§ **Dataset**
____
Definition mutually_independent {R : realType} {d : measure_display}
  {T : measurableType d} (P : probability T R) (m : nat)
  (X : 'I_m -> T -> R) : Prop :=
  forall B : 'I_m -> set R, (forall i, measurable (B i)) ->
    P (\bigcap_(i in [set: 'I_m]) (X i @^-1` B i)) =
    (\prod_(i < m) P (X i @^-1` B i))%E.

From HB Require Import structures.
From mathcomp Require Import all_boot all_order all_algebra.
From mathcomp Require Import all_classical all_reals all_analysis.
From mathcomp Require Import measurable_realfun ring lra.
Import Order.TTheory GRing.Theory Num.Theory.
Import numFieldNormedType.Exports.
Local Open Scope classical_set_scope.
Local Open Scope ring_scope.

(* Fix e > 0.  By the union bound and Assumption 1*,
   P(max_k |A_{k,n}| > e^{en}) <= (n+1) f(e^{en}).  Since f(x) ln x is
   nonincreasing, n f(e^{en}) is at most a constant times the integral of
   f(x) ln x / x over the shell [e^{e(n-1)}, e^{en}[; the shells are disjoint,
   so these probabilities are summable.  Symmetrically, Assumption 2* gives
   P(|A_{k,n}| <= e^{-en}) <= g(e^{-en}), at most a constant times the integral
   of g(x) / x over [e^{-en}, e^{-e(n-1)}[.  By Borel-Cantelli, almost surely
   e^{-en} < |A_{k,n}| and max_k |A_{k,n}| <= e^{en} for all large n, for every
   e = 1/(m+1) simultaneously; this squeezes the n-th roots to 1. *)

Lemma nneseries_addn_ge (R : realType) (f : (\bar R)^nat) k :
  (forall i, (k <= i)%N -> (0 <= f i)%E) ->
  (\sum_(i <oo) f (i + k)%N = \sum_(k <= i <oo) f i)%E.
Proof.
move=> f0; pose g i := f (maxn i k).
have fg i : (k <= i)%N -> f i = g i by move=> ki; rewrite /g (maxn_idPl ki).
transitivity (\sum_(i <oo) g (i + k)%N)%E.
  by apply: eq_eseriesr => i _; apply: fg; rewrite leq_addl.
rewrite nneseries_addn; last by move=> i; apply: f0; rewrite leq_maxr.
rewrite eseries_cond [in RHS]eseries_cond.
by apply: eq_eseriesr => i /= ki; rewrite fg.
Qed.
____
§ **What you are asked to do**
Write out exactly the lines above between the line with "(X : 'I_m -> T -> R)" and the line with "rewrite eseries_cond [in RHS]eseries_cond.", inclusive, and nothing beyond them.

§ **Output below**
  (X : 'I_m -> T -> R) : Prop :=
  forall B : 'I_m -> set R, (forall i, measurable (B i)) ->
    P (\bigcap_(i in [set: 'I_m]) (X i @^-1` B i)) =
    (\prod_(i < m) P (X i @^-1` B i))%E.

From HB Require Import structures.
From mathcomp Require Import all_boot all_order all_algebra.
From mathcomp Require Import all_classical all_reals all_analysis.
From mathcomp Require Import measurable_realfun ring lra.
Import Order.TTheory GRing.Theory Num.Theory.
Import numFieldNormedType.Exports.
Local Open Scope classical_set_scope.
Local Open Scope ring_scope.

(* Fix e > 0.  By the union bound and Assumption 1*,
   P(max_k |A_{k,n}| > e^{en}) <= (n+1) f(e^{en}).  Since f(x) ln x is
   nonincreasing, n f(e^{en}) is at most a constant times the integral of
   f(x) ln x / x over the shell [e^{e(n-1)}, e^{en}[; the shells are disjoint,
   so these probabilities are summable.  Symmetrically, Assumption 2* gives
   P(|A_{k,n}| <= e^{-en}) <= g(e^{-en}), at most a constant times the integral
   of g(x) / x over [e^{-en}, e^{-e(n-1)}[.  By Borel-Cantelli, almost surely
   e^{-en} < |A_{k,n}| and max_k |A_{k,n}| <= e^{en} for all large n, for every
   e = 1/(m+1) simultaneously; this squeezes the n-th roots to 1. *)

Lemma nneseries_addn_ge (R : realType) (f : (\bar R)^nat) k :
  (forall i, (k <= i)%N -> (0 <= f i)%E) ->
  (\sum_(i <oo) f (i + k)%N = \sum_(k <= i <oo) f i)%E.
Proof.
move=> f0; pose g i := f (maxn i k).
have fg i : (k <= i)%N -> f i = g i by move=> ki; rewrite /g (maxn_idPl ki).
transitivity (\sum_(i <oo) g (i + k)%N)%E.
  by apply: eq_eseriesr => i _; apply: fg; rewrite leq_addl.
rewrite nneseries_addn; last by move=> i; apply: f0; rewrite leq_maxr.
rewrite eseries_cond [in RHS]eseries_cond.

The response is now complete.